In these scenarios—and there are scores of them—it can be difficult to distinguish between a legal, court-ordered eviction (even if fraudulently obtained) and a private army: in effect, a paramilitary death squad. 

And so you find a paragraph like this one in an Amnesty International report that (correctly, in my view) blends the crimes of state and non-state actors. From the victims’ point of view, it’s hard to see the difference.

“The Unit for the Protection of Human Rights Defenders in Guatemala (UDEFEGUA) reported 5,965 attacks against human rights defenders between January and November 2023, including threats, killings, harassment and arbitrary detentions. Criminalization increased, particularly against those involved in the fight against impunity and corruption.”

And this paragraph from a Maritimes-Guatemala Breaking The Silence (BTS) Network report on the Nueva Jerusalén eviction:

“[T]he state abets and perpetrates violence against the community. The police—the armed wing of the state—have…ransacked homes, destroyed possessions and sought to provoke community members to protect themselves. With this sleight of hand, they bring charges against community members, used to defame and criminalize the residents of Nueva Jerusalen.”

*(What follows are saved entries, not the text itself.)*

Section SpiceDescent.
Variable R : realType.
Variables (n p : nat) (X : set 'rV[R]_n) (f : 'rV[R]_n -> R)
  (Phi : 'rV[R]_n -> 'rV[R]_p) (rho mu : R).
Hypotheses (convX : convex_set X) (convf : convex_fun f)
  (convPhi : forall i, convex_fun (fun z => Phi z 0 i))
  (diffPhi : forall z, differentiable Phi z) (rho_gt0 : 0 < rho) (mu_ge1 : 1 <= mu).

Lemma spice_step_descent eta xk lk xbk lbk xk1 lk1 xs ls :
  0 < eta -> 0 < RR Phi xk -> 0 < RR Phi xbk ->
  spice_step X f Phi rho mu eta xk lk xbk lbk xk1 lk1 -> X xs -> nonneg ls ->
  rho * (f xbk - f xs)
    + eta^-1 * dotv (row_mx xbk lbk - row_mx xs ls) (Gamma Phi (row_mx xs ls))
  <= 2^-1 * Hdist2 (xweight Phi eta xk) (lweight Phi mu eta xk xbk) (xk - xs) (lk - ls)
   - 2^-1 * Hdist2 (xweight Phi eta xk) (lweight Phi mu eta xk xbk) (xk1 - xs) (lk1 - ls).
Proof.
move=> eta0 Ak Bk [Xb xmin lb0 lmax upd] Xs ls0.
have HX := @prox_x_optimality R n p f Phi rho eta X lk (xweight Phi eta xk) xk xbk xs
  convX convf (ltW rho_gt0) eta0 Xb Xs (diffPhi xbk) xmin.
have HL := @prox_lambda_optimality R n p f Phi rho eta (lweight Phi mu eta xk xbk)
  lk xbk lbk ls lb0 ls0 lmax.
have C1 := convex_nonneg_first_order xs convPhi (diffPhi xbk) lb0.
have C2 := convex_nonneg_first_order xbk convPhi (diffPhi xs) ls0.
have CB := xweight_correction_le (xbk - xs) mu_ge1 eta0 Ak Bk (dotv_mulmx_le (lk - lbk) Bk).
have [-> ->] := spice_update upd; rewrite -/(xweight Phi eta xk).
rewrite /Gamma row_mxKl row_mxKr opp_row_mx add_row_mx dotv_row_mx /Hdist2.
rewrite -(opprB xbk xs) -(opprB xk xbk) mulNmx !dotvNr !dotvNl opprK in HX.
rewrite -(opprB xbk xs) mulNmx dotvNr in C1.
rewrite -(opprB lbk ls) -(opprB lk lbk) !dotvNr !dotvNl opprK in HL.
have -> : xk - xs = (xbk - xs) + (xk - xbk) by rewrite [RHS]addrC addrA subrK.
have -> : lk - ls = (lbk - ls) + (lk - lbk) by rewrite [RHS]addrC addrA subrK.
have -> : xbk + (eta * xweight Phi eta xk)^-1 *: ((lk - lbk) *m Jac Phi xbk) - xs
    = (xbk - xs) + (eta * xweight Phi eta xk)^-1 *: ((lk - lbk) *m Jac Phi xbk).
  by rewrite addrAC.
have -> : dotv (xbk - xs) (ls *m Jac Phi xs) = dotv ls ((xbk - xs) *m jacobian Phi xs).
  by rewrite dotvC dotv_mulmx /Jac trmxK.
have e_aw : dotv (xbk - xs) ((lk - lbk) *m Jac Phi xbk)
    = dotv lk ((xbk - xs) *m jacobian Phi xbk) - dotv lbk ((xbk - xs) *m jacobian Phi xbk).
  by rewrite dotvC dotv_mulmx /Jac trmxK -dotvBl.
rewrite e_aw in CB; rewrite (dotvBl lbk ls (Phi xbk)) in HL.
rewrite dotvNr (dotvBl lbk ls (Phi xs)).
set r := xweight Phi eta xk in HX CB *; set s := lweight Phi mu eta xk xbk in HL CB *.
set a := xbk - xs in HX C1 C2 CB *; set u := xk - xbk in HX *.
set b := lbk - ls in HL *; set v := lk - lbk in HL CB *.
rewrite (dotvDD a u) (dotvDD b v); rewrite (dotvC u a) in HX; rewrite (dotvC v b) in HL.
have E0 : 0 < eta^-1 by rewrite invr_gt0.
have uu : 0 <= r * dotv u u.
  by rewrite mulr_ge0 ?dotv_ge0 // /r /xweight mulr_ge0 ?sqrtr_ge0 // invr_ge0 ltW.
exact: (descent_combination HX HL (ler_wpM2l (ltW E0) C1) (ler_wpM2l (ltW E0) C2) CB uu).
Qed.
Lemma sin_mul_sum_sin (x a : R) n :
  2 * sin a * \big[Rplus/0]_(j < n) sin (x - (2 * INR j + 1) * a)
  = cos (x - 2 * INR n * a) - cos x.
Proof.
elim: n => [|n IH].
  by rewrite big_ord0 (_ : x - 2 * INR 0 * a = x) /=; lra.
rewrite big_ord_recr /= Rmult_plus_distr_l IH.
set y := x - (2 * INR n + 1) * a.
rewrite (_ : x - 2 * INR n * a = y + a); last by rewrite /y; ring.
rewrite (_ : x - 2 * INR n.+1 * a = y - a); last by rewrite /y S_INR; ring.
rewrite cos_plus cos_minus; ring.
Qed.

Section StellarSpectrum.

Variables (d : nat) (hd : (2 <= d)%N).

Lemma theta_arith (j : 'I_d) : theta j = PI - (2 * INR j + 1) * (PI / INR d).
Proof. by rewrite /theta; field; have := INR_ge2 hd; lra. Qed.

Lemma sin_PI_div_neq0 : sin (PI / INR d) <> 0.
Proof.
have d2 := INR_ge2 hd; have pi0 := PI_RGT_0.
apply: Rgt_not_eq; apply: sin_gt_0; first by apply: Rdiv_lt_0_compat; lra.
by apply: (Rmult_lt_reg_r (INR d)); [lra | rewrite /Rdiv Rmult_assoc Rinv_l; nra].
Qed.

Lemma PI_sub_2PI : PI - 2 * INR d * (PI / INR d) = - PI.
Proof. by field; have := INR_ge2 hd; lra. Qed.

Lemma sum_cos_theta : rsum (fun i : 'I_d => cos (theta i)) = 0.
Proof.
apply: (Rmult_eq_reg_l (2 * sin (PI / INR d))); last by have := sin_PI_div_neq0; lra.
rewrite /rsum (eq_bigr _ (fun j _ => congr1 cos (theta_arith j))).
by rewrite sin_mul_sum_cos PI_sub_2PI sin_neg sin_PI; lra.
Qed.

Lemma sum_sin_theta : rsum (fun i : 'I_d => sin (theta i)) = 0.
Proof.
apply: (Rmult_eq_reg_l (2 * sin (PI / INR d))); last by have := sin_PI_div_neq0; lra.
rewrite /rsum (eq_bigr _ (fun j _ => congr1 sin (theta_arith j))).
by rewrite sin_mul_sum_sin PI_sub_2PI cos_neg; lra.
Qed.

End StellarSpectrum.

Lemma foldr_Rmin_map_le (T : eqType) (g : T -> R) x0 (l : seq T) t :
  t \in l -> foldr Rmin x0 (map g l) <= g t.
Proof.
elim: l => [|a l IH] //=; rewrite in_cons => /orP [/eqP <- | tl].
  exact: Rmin_l.
by apply: Rle_trans (IH tl); apply: Rmin_r.
Qed.

Lemma foldr_Rmin_map_ge (T : Type) (g : T -> R) x0 (l : seq T) y :
  y <= x0 -> (forall t, y <= g t) -> y <= foldr Rmin x0 (map g l).
Proof. by move=> y_x0 y_g; elim: l => [|a l IH] //=; apply: Rmin_glb. Qed.

Lemma E_star_le d (p : 'I_d -> R) (s : 'S_d) : E_star p <= 1 - stellar_abs2 p s.
Proof. by apply: foldr_Rmin_map_le; rewrite mem_enum in_setT. Qed.

Lemma E_star_ge d (p : 'I_d -> R) x :
  (forall s : 'S_d, x <= 1 - stellar_abs2 p s) -> x <= E_star p.
Proof. by move=> x_le; apply: foldr_Rmin_map_ge; first exact: x_le. Qed.

Lemma perm_map_pair (T : finType) (i j i' j' : T) :
  i != j -> i' != j' -> exists t : {perm T}, t i = i' /\ t j = j'.
Proof.
move=> ij ij'; set k := tperm i i' j.
have i'k : i' != k.
  apply/eqP => e; move: ij; rewrite -(inj_eq (@perm_inj _ (tperm i i'))).
  by rewrite -/k -e tpermL eqxx.
exists (tperm i i' * tperm k j')%g; rewrite !permM !tpermL; split=> //.
by rewrite tpermD // eq_sym.
Qed.

Section PairMoments.

Variables (d : nat) (p : 'I_d -> R).

Definition pair_moment (i j : 'I_d) : R := \big[Rplus/0]_(s : 'S_d) (p (s i) * p (s j)).

Lemma pair_moment_perm (t : 'S_d) i j : pair_moment (t i) (t j) = pair_moment i j.
Proof.
rewrite /pair_moment [RHS](reindex_inj (mulgI t)).
by apply: eq_bigr => s _; rewrite !permM.
Qed.

Lemma pair_moment_diag i j : pair_moment i i = pair_moment j j.
Proof. by rewrite -(pair_moment_perm (tperm i j) j j) tpermR. Qed.

Lemma pair_moment_offdiag i j i' j' :
  i != j -> i' != j' -> pair_moment i j = pair_moment i' j'.
Proof.
move=> ij ij'; have [t [<- <-]] := perm_map_pair ij ij'.
by rewrite pair_moment_perm.
Qed.

Lemma sum_pair_moment_diag :
  rsum (fun i => pair_moment i i) = INR #|'S_d| * rsum (fun i => p i ^ 2).
Proof.
rewrite /rsum /pair_moment exchange_big /= -sumR_const; apply: eq_bigr => s _.
rewrite -[\big[Rplus/0]_(i < d) p i ^ 2]/(rsum (fun i => p i ^ 2)) -(rsum_perm s).
by apply: eq_bigr => i _; ring.
Qed.

Lemma sum_pair_moment :
  rsum (fun i => rsum (fun j => pair_moment i j)) = INR #|'S_d| * rsum p ^ 2.
Proof.
rewrite /rsum /pair_moment.
under eq_bigr do rewrite exchange_big.
rewrite exchange_big -sumR_const; apply: eq_bigr => s _.
by rewrite -[\big[Rplus/0]_(i < d) p i]/(rsum p) -(rsum_perm s) rsum_sqr.
Qed.
(* For a Banach algebra $A$ the following are equivalent: (i) $A$ is approximately semi-contractible; (ii) $A$ is approximately semi-amenable; (iii) $A$ is weak$^*$-approximately semi-amenable.
   Context: For a Banach algebra $A$ and Banach $A$-bimodule $X$, a derivation is a linear map $D$ from $A$ into a bimodule with $D(ab)=a\cdot D(b)+D(a)\cdot b$; $X^*$ is a Banach $A$-bimodule via $\langle a\cdot f,x\rangle=\langle f,x\cdot a\rangle$, $\langle f\cdot a,x\rangle=\langle f,a\cdot x\rangle$. A continuous derivation $D:A\to Y$ ($Y$ a Banach $A$-bimodule) is approximately semi-inner if there are nets $(\xi_i),(\eta_i)$ in $Y$ with $D(a)=\lim_i(a\cdot\xi_i-\eta_i\cdot a)$ in norm for every $a\in A$. $A$ is approximately semi-contractible if for every Banach $A$-bimodule $X$ every continuous derivation $A\to X$ is approximately semi-inner; approximately semi-amenable if for every $X$ every continuous derivation $A\to X^*$ is approximately semi-inner; weak$^*$-approximately semi-amenable if for every $X$ and every continuous derivation $D:A\to X^*$ there are nets $(f_i),(g_i)$ in $X^*$ with $a\cdot f_i-g_i\cdot a\to D(a)$ weak$^*$ for every $a\in A$. *)

From mathcomp Require Import all_boot all_algebra.
From mathcomp Require Import all_classical all_reals all_analysis.
Import GRing.Theory Num.Theory.
Import numFieldNormedType.Exports.
From mathcomp Require Export complex.
Definition heis_sign S x y : R[i] :=
  cexp (toC pi * ci R * toC (Bil S (actv (el_v x) (el_w x) (el_g y)) (el_w y)
                             - Bil S (el_v y) (actw (el_v x) (el_w x) (el_g y)))).

Lemma jmul_set_xi S x y xi1 xi2 :
  jmul S (set_xi x xi1) (set_xi y xi2) = set_xi (jmul S x y) (xi1 * xi2 * heis_sign S x y).
Proof. by []. Qed.

Lemma el_xi_jmul S x y : el_xi (jmul S x y) = el_xi x * el_xi y * heis_sign S x y.
Proof. by []. Qed.

Lemma chi_starE chi1 chi2 x :
  chi_star chi1 chi2 x = el_xi x * chi1 (set_xi x 1) * chi2 (set_xi x 1).
Proof. by []. Qed.

Lemma heis_signD S1 S2 x y : heis_sign (S1 + S2) x y = heis_sign S1 x y * heis_sign S2 x y.
Proof. by rewrite /heis_sign -cexpD -mulrDr -toCD !BilD; congr (cexp (_ * toC _)); ring. Qed.

Lemma heis_sign_pm1 S x y : integral_on S Bs -> in_grp G Bs x -> in_grp G Bs y ->
  pm1 (heis_sign S x y).
Proof.
move=> S_int [_ _ Lv1 Lw1 _] [_ _ Lv2 Lw2 _]; rewrite /heis_sign.
have [m1 ->] := S_int _ _ (inL_actv (el_g y) Lv1 Lw1) Lw2.
have [m2 ->] := S_int _ _ Lv2 (inL_actw (el_g y) Lv1 Lw1).
by rewrite -intrB; exact: pm1_cexp_ipi_int.
Qed.

Lemma in_grp_set_xi x xi : in_grp G Bs x -> pm1 xi -> in_grp G Bs (set_xi x xi).
Proof. by case. Qed.

Lemma in_grp_center xi : pm1 xi -> in_grp G Bs (JE 1%:M 1 0 0 xi).
Proof.
case: G_fi => _ G1 _ _ _ xi_pm1.
by split=> //; [split=> //; exact: det1 | exact: pm11 | exact: inL0 | exact: inL0].
Qed.

Lemma jmul_center S x xi : inSL2 (el_g x) ->
  jmul S x (JE 1%:M 1 0 0 xi) = set_xi x (el_xi x * xi).
Proof.
move=> x_SL; rewrite /jmul /actv /actw /ma /mb /mc /md !mxE /=.
rewrite mulmx1 mp_eps1r // !scale1r !scale0r !addr0 add0r Bil0l Bil0r subrr.
by rewrite (_ : toC 0 = 0) // mulr0 cexp0 mulr1.
Qed.

Lemma lin_char_set_xi S chi x xi : is_lin_char S Bs G chi -> center_cond chi ->
  in_grp G Bs x -> pm1 xi -> chi (set_xi x xi) = chi (set_xi x 1) * xi.
Proof.
move=> [_ chiM] chi_center x_in xi_pm1.
have -> : set_xi x xi = jmul S (set_xi x 1) (JE 1%:M 1 0 0 xi).
  by rewrite jmul_center ?mul1r //; case: x_in => -[].
have x1_in := in_grp_set_xi x_in pm11; have c_in := in_grp_center xi_pm1.
by rewrite chiM ?chi_center.
Qed.
Lemma cone3E (u v w : vec) :
  cone [:: u; v; w] = (fun x => x 0 0 *: u + x 0 1 *: v + x 0 2 *: w) @` orthant.
Proof.
have sum3 (c : 'I_3 -> vec) : \sum_(i < 3) c i = c 0 + c 1 + c 2.
  by rewrite !big_ord_recl big_ord0 addr0 addrA; congr (c _ + c _ + c _); apply/val_inj.
apply/seteqP; split=> y.
- by case=> c [c_ge0 ->]; exists (\row_i c i) => [i|]; rewrite !mxE ?sum3.
- by case=> x x_ge0 <-; exists (fun i => x 0 i); rewrite sum3.
Qed.

Lemma Delta_orthant : Delta = orthant.
Proof.
by rewrite /Delta cone3E; apply: eq_image_id => x _; apply: vec3_eq; rewrite !mxE /=; ring.
Qed.

Lemma cone_e2e3 q : cone [:: e2; e3; q] = exch 0 q @` orthant.
Proof.
rewrite cone3E; apply/seteqP; split=> _ [x x_ge0 <-].
- exists (mk3 (x 0 2) (x 0 0) (x 0 1)); last by apply: vec3_eq; rewrite !mxE /=; ring.
  by move=> i; case: (ord3P i) => ->; rewrite mxE; apply: x_ge0.
- exists (mk3 (x 0 1) (x 0 2) (x 0 0)); last by apply: vec3_eq; rewrite !mxE /=; ring.
  by move=> i; case: (ord3P i) => ->; rewrite mxE; apply: x_ge0.
Qed.

Lemma Lmap_exch r a : Lmap r a = exch 2 (qpt r a).
Proof. by apply/funext => x; apply: vec3_eq; rewrite !mxE /=; ring. Qed.

Lemma Rmap_exch r a : Rmap r a = exch 1 (qpt r a).
Proof. by apply/funext => x; apply: vec3_eq; rewrite !mxE /=; ring. Qed.

Lemma qpt_gt0 r a : (0 < a < r)%N -> forall i, 0 < qpt r a 0 i.
Proof.
case/andP=> a_gt0 ar i; rewrite !mxE.
apply: mulr_gt0; first by rewrite invr_gt0 ltr0n; lia.
by case: (ord3P i) => ->; rewrite /= ?ltr01 // ltr0n; lia.
Qed.

Lemma danilov_fuelS n r a :
  danilov_fuel n.+1 r.+2 a =
    fan_of_cone (cone [:: e2; e3; qpt r.+2 a])
    `|` fan_image (Lmap r.+2 a) (danilov_fuel n (r.+2 - a) (r.+2 %% (r.+2 - a))%N)
    `|` fan_image (Rmap r.+2 a) (danilov_fuel n a ((a - r.+2 %% a) %% a)%N).
Proof. by []. Qed.

Lemma danilov_fuel1 n a : danilov_fuel n.+1 1 a = fan_of_cone orthant.
Proof. by rewrite -Delta_orthant. Qed.

Lemma modSSn n : (n.+3 %% n.+2 = 1)%N.
Proof. by rewrite -[n.+3]/(1 + n.+2)%N modnDr modn_small. Qed.

Lemma fan_of_cone_exch {k q} sigma : q 0 k != 0 ->
  fan_of_cone (exch k q @` sigma) = fan_image (exch k q) (fan_of_cone sigma).
Proof. by move=> qk; apply: fan_of_cone_image; [exact: exchK | exact: exch_invK]. Qed.

Lemma danilovS_1 s :
  danilov s.+2 1 =
    fan_image (exch 0 (qpt s.+2 1)) (fan_of_cone orthant)
    `|` fan_image (exch 2 (qpt s.+2 1)) (danilov s.+1 1)
    `|` fan_image (exch 1 (qpt s.+2 1)) (fan_of_cone orthant).
Proof.
have q0 : qpt s.+2 1 0 0 != 0 by rewrite gt_eqF // qpt_gt0.
rewrite /danilov danilov_fuelS cone_e2e3 (fan_of_cone_exch _ q0) Lmap_exch Rmap_exch.
rewrite danilov_fuel1 subSS subn0.
by case: s {q0} => [|s]; [rewrite !danilov_fuel1 | rewrite modSSn].
Qed.

Lemma danilovS_pred s :
  danilov s.+2 s.+1 =
    fan_image (exch 0 (qpt s.+2 s.+1)) (fan_of_cone orthant)
    `|` fan_image (exch 2 (qpt s.+2 s.+1)) (fan_of_cone orthant)
    `|` fan_image (exch 1 (qpt s.+2 s.+1)) (danilov s.+1 s).
Proof.
have q0 : qpt s.+2 s.+1 0 0 != 0 by rewrite gt_eqF // qpt_gt0 // ltnSn.
rewrite /danilov danilov_fuelS cone_e2e3 (fan_of_cone_exch _ q0) Lmap_exch Rmap_exch.
rewrite subSnn danilov_fuel1.
case: s {q0} => [|s]; first by rewrite !danilov_fuel1.
by rewrite modSSn subSS subn0 (modn_small (ltnSn _)).
Qed.

Lemma xcol12K : involutive (xcol 1 2 : vec -> vec).
Proof. by move=> x; rewrite /xcol -col_permM tperm2 col_perm1. Qed.

Lemma xcol12_exch k q x :
  xcol 1 2 (exch k q x) = exch (tperm 1 2 k) (xcol 1 2 q) (xcol 1 2 x).
Proof. by apply/rowP => j; rewrite /exch !mxE tpermK (canF_eq (tpermK _ _)). Qed.

Lemma xcol12_orthant : fan_image (xcol 1 2) (fan_of_cone orthant) = fan_of_cone orthant.
Proof.
have swap_orthant : xcol 1 2 @` orthant = orthant.
  apply/seteqP; split=> [_ [x x_ge0 <-] i|x x_ge0]; first by rewrite mxE.
  by exists (xcol 1 2 x); rewrite ?xcol12K // => i; rewrite mxE.
by rewrite -[in RHS]swap_orthant (fan_of_cone_image xcol12K xcol12K).
Qed.

Lemma xcol12_qpt r a : (a <= r)%N -> xcol 1 2 (qpt r a) = qpt r (r - a).
Proof. by move=> ar; apply: vec3_eq; rewrite !mxE ?tpermL ?tpermR ?tpermD //= subKn. Qed.

Lemma fan_image_xcol12_exch k q S :
  fan_image (xcol 1 2) (fan_image (exch k q) S) =
  fan_image (exch (tperm 1 2 k) (xcol 1 2 q)) (fan_image (xcol 1 2) S).
Proof.
rewrite /fan_image !image_comp; apply: eq_imagel => sigma _ /=.
by rewrite !image_comp; apply: eq_imagel => x _ /=; rewrite xcol12_exch.
Qed.

Lemma fan_image_setU (f : vec -> vec) A B :
  fan_image f (A `|` B) = fan_image f A `|` fan_image f B.
Proof. exact: image_setU. Qed.

Lemma danilov_pred_xcol s : danilov s.+1 s = fan_image (xcol 1 2) (danilov s.+1 1).
Proof.
elim: s => [|s IH]; first by rewrite /danilov !danilov_fuel1 xcol12_orthant.
rewrite danilovS_pred danilovS_1 !fan_image_setU !fan_image_xcol12_exch -IH xcol12_orthant.
rewrite xcol12_qpt // subSS subn0 tpermD // tpermL tpermR.
by rewrite setUAC.
Qed.

(* For (r, a) = (n, 1) we have b = 1 and p_(n-j) = (j, j, n-j)/n = j p_(n-1) + (1-j) e3:
   the centres of the blow-ups lie on the line through e3 and p_(n-1). *)
Definition danilov_pt (n j : nat) : vec := j%:R *: qpt n 1 + (1 - j%:R) *: e3.

Lemma danilov_pt1 n : danilov_pt n 1 = qpt n 1.
Proof. by rewrite /danilov_pt scale1r subrr scale0r addr0. Qed.

Lemma exch_danilov_pt n j :
  exch 2 (qpt n.+2 1) (danilov_pt n.+1 j) = danilov_pt n.+2 j.+1.
Proof.
by apply: vec3_eq; rewrite /exch !mxE /= !subSS !subn0; field; rewrite !paddr_eq0 ?ler0n.
Qed.

Lemma danilov_pt_notin (k : 'I_3) n j : k != 2 -> (1 < j)%N ->
  ~ (exch k (qpt n.+2 1) @` orthant) (danilov_pt n.+2 j).
Proof.
move=> k2 j_gt1; have qk : qpt n.+2 1 0 k != 0 by rewrite gt_eqF // qpt_gt0.
(* In the basis with e_k replaced by q, the point has e3-coordinate 1 - j < 0. *)
have -> : danilov_pt n.+2 j =
    exch k (qpt n.+2 1) (j%:R *: delta_mx 0 k + (1 - j%:R) *: e3).
  by apply/rowP => i; rewrite /exch /danilov_pt !mxE; case: (ord3P k) k2 => -> //= _; ring.
rewrite image_inj; last exact: can_inj (exchK qk).
move/(_ 2); rewrite !mxE eq_sym (negPf k2) /= mulr0 add0r mulr1 subr_ge0 lern1; lia.
Qed.

Lemma danilov_1_blowups s :
  danilov s.+1 1 =
    foldl star (fan_of_cone orthant) [seq danilov_pt s.+1 j | j <- iota 1 s].
Proof.
elim: s => [|s IH]; first by rewrite /danilov danilov_fuel1.
set q := qpt s.+2 1.
have q_gt0 : forall i, 0 < q 0 i by exact: qpt_gt0.
have q2 : q 0 2 != 0 by rewrite gt_eqF.
rewrite [iota 1 s.+1]/= map_cons /= danilov_pt1 star_orthant // foldl_star_setU; last first.
  move=> p /mapP [j]; rewrite mem_iota => /andP [j_gt1 _] ->.
  by split; move/fan_support_image; apply: danilov_pt_notin.
rewrite (iotaDl 1 1) -map_comp (eq_map (fun j => esym (exch_danilov_pt s j))) map_comp.
by rewrite (foldl_star_image (exchK q2) (exch_invK q2)) danilovS_1 IH.
Qed.

Lemma pt_a1 r b j : (1 < r)%N -> (1 * b = 1 %[mod r%:Z])%Z -> (0 < j < r)%N ->
  pt r b (r - j) = danilov_pt r j.
Proof.
move=> r_gt1 b1 /andP [j_gt0 jr].
have b_mod : (b %% r%:Z)%Z = 1 by rewrite -[b]mul1r b1 modz_small // ltz_nat.
have jE : ((- ((r - j)%N%:Z * b)) %% r%:Z)%Z = j%:Z.
  rewrite -mulNr -modzMmr b_mod mulr1 -subzn ?(ltnW jr) // opprB.
  by rewrite -(modzDr _ r%:Z) subrK modz_small // ltz_nat jr.
have r0 : r%:R != 0 :> rat by rewrite pnatr_eq0 -lt0n ltnW.
rewrite /pt jE subKn ?(ltnW jr) // -pmulrn.
by apply: vec3_eq; rewrite !mxE /= ?natrB ?(ltnW jr) ?(ltnW r_gt1) //; field.
Qed.

Lemma pt_a_pred r b j :
    (1 < r)%N -> ((r - 1)%:Z * b = 1 %[mod r%:Z])%Z -> (0 < j < r)%N ->
  pt r b j = xcol 1 2 (danilov_pt r j).
Proof.
move=> r_gt1 b1 /andP [j_gt0 jr].
have nb_mod : ((- b) %% r%:Z)%Z = 1.
  have -> : - b = (- b) * r%:Z + (r - 1)%N%:Z * b.
    by rewrite -subzn ?(ltnW r_gt1) //; ring.
  by rewrite modzMDl b1 modz_small // ltz_nat.
have jE : ((- (j%:Z * b)) %% r%:Z)%Z = j%:Z.
  by rewrite -mulrN -modzMmr nb_mod mulr1 modz_small // ltz_nat jr.
have r0 : r%:R != 0 :> rat by rewrite pnatr_eq0 -lt0n ltnW.
rewrite /pt jE -pmulrn; apply: vec3_eq; rewrite !mxE ?tpermL ?tpermR ?tpermD //=.
all: by rewrite ?natrB ?(ltnW jr) ?(ltnW r_gt1) //; field.
Qed.

Local Close Scope classical_set_scope.
Local Close Scope ring_scope.

Theorem mainTheorem2 (r : nat) : (1 < r)%N ->
  (forall b : int, (1 * b = 1 %[mod r%:Z])%Z ->
     danilov r 1 =
     foldl star (fan_of_cone Delta) [seq pt r b (r - i) | i <- iota 1 r.-1]) /\
  (forall b : int, ((r - 1)%:Z * b = 1 %[mod r%:Z])%Z ->
     danilov r (r - 1) =
     foldl star (fan_of_cone Delta) [seq pt r b i | i <- iota 1 r.-1]).
Proof.
case: r => [|[|s]] // r_gt1; rewrite Delta_orthant; split=> b b_inv.
- rewrite danilov_1_blowups; congr (foldl _ _ _); apply/eq_in_map => j.
  by rewrite mem_iota => j_range; apply: esym; apply: pt_a1 => //; lia.
- rewrite subn1 danilov_pred_xcol danilov_1_blowups -(foldl_star_image xcol12K xcol12K).
  rewrite xcol12_orthant -map_comp; congr (foldl _ _ _); apply/eq_in_map => j.
  by rewrite mem_iota => j_range; apply: esym; apply: pt_a_pred => //; lia.
Qed.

“Bringing charges.” “Criminalization.” 

Mélisande Séguin of BTS notes that land defenders continue to meet with government officials to stop future arrests. “Nonetheless, with Consuelo Porras at the helm of the Public Prosecutor’s office, criminalization remains a major threat for Indigenous and campesino movements.”

On Feb. 8, the new government signed an agreement with CCDA, CUT and other organizations of small farmers and Indigenous peoples. 

“For our administration, dialogue is not just a tool but a key pillar that promotes citizen participation in defining the agendas that effectively solve different needs,” said Arévalo during the signing ceremony. He said the agreement was the product of a dialogue process that began in the last quarter of 2023.

“All Guatemalans are equal in dignity and rights. The new government embraces the idea that everyone has something valuable to contribute and deserves to be heard,” he said.

Speaking at the ceremony, CCDA national coordinator Neydi Yasmín Juracán stated: “For us, it is a historic day because we have been meeting politically and technically for these agreements.” She said CCDA has worked for more than 28 years to prevent and end land evictions, but:

  • 12 community leaders were assassinated between 2018 and 2022.
  • Seven leaders are currently imprisoned.
  • 1,788 arrest warrants, 35 per cent targeting women.
  • Seven active temporary shelters to attend to agrarian conflicts.
  • 1,320 cases were accompanied by the CCDA.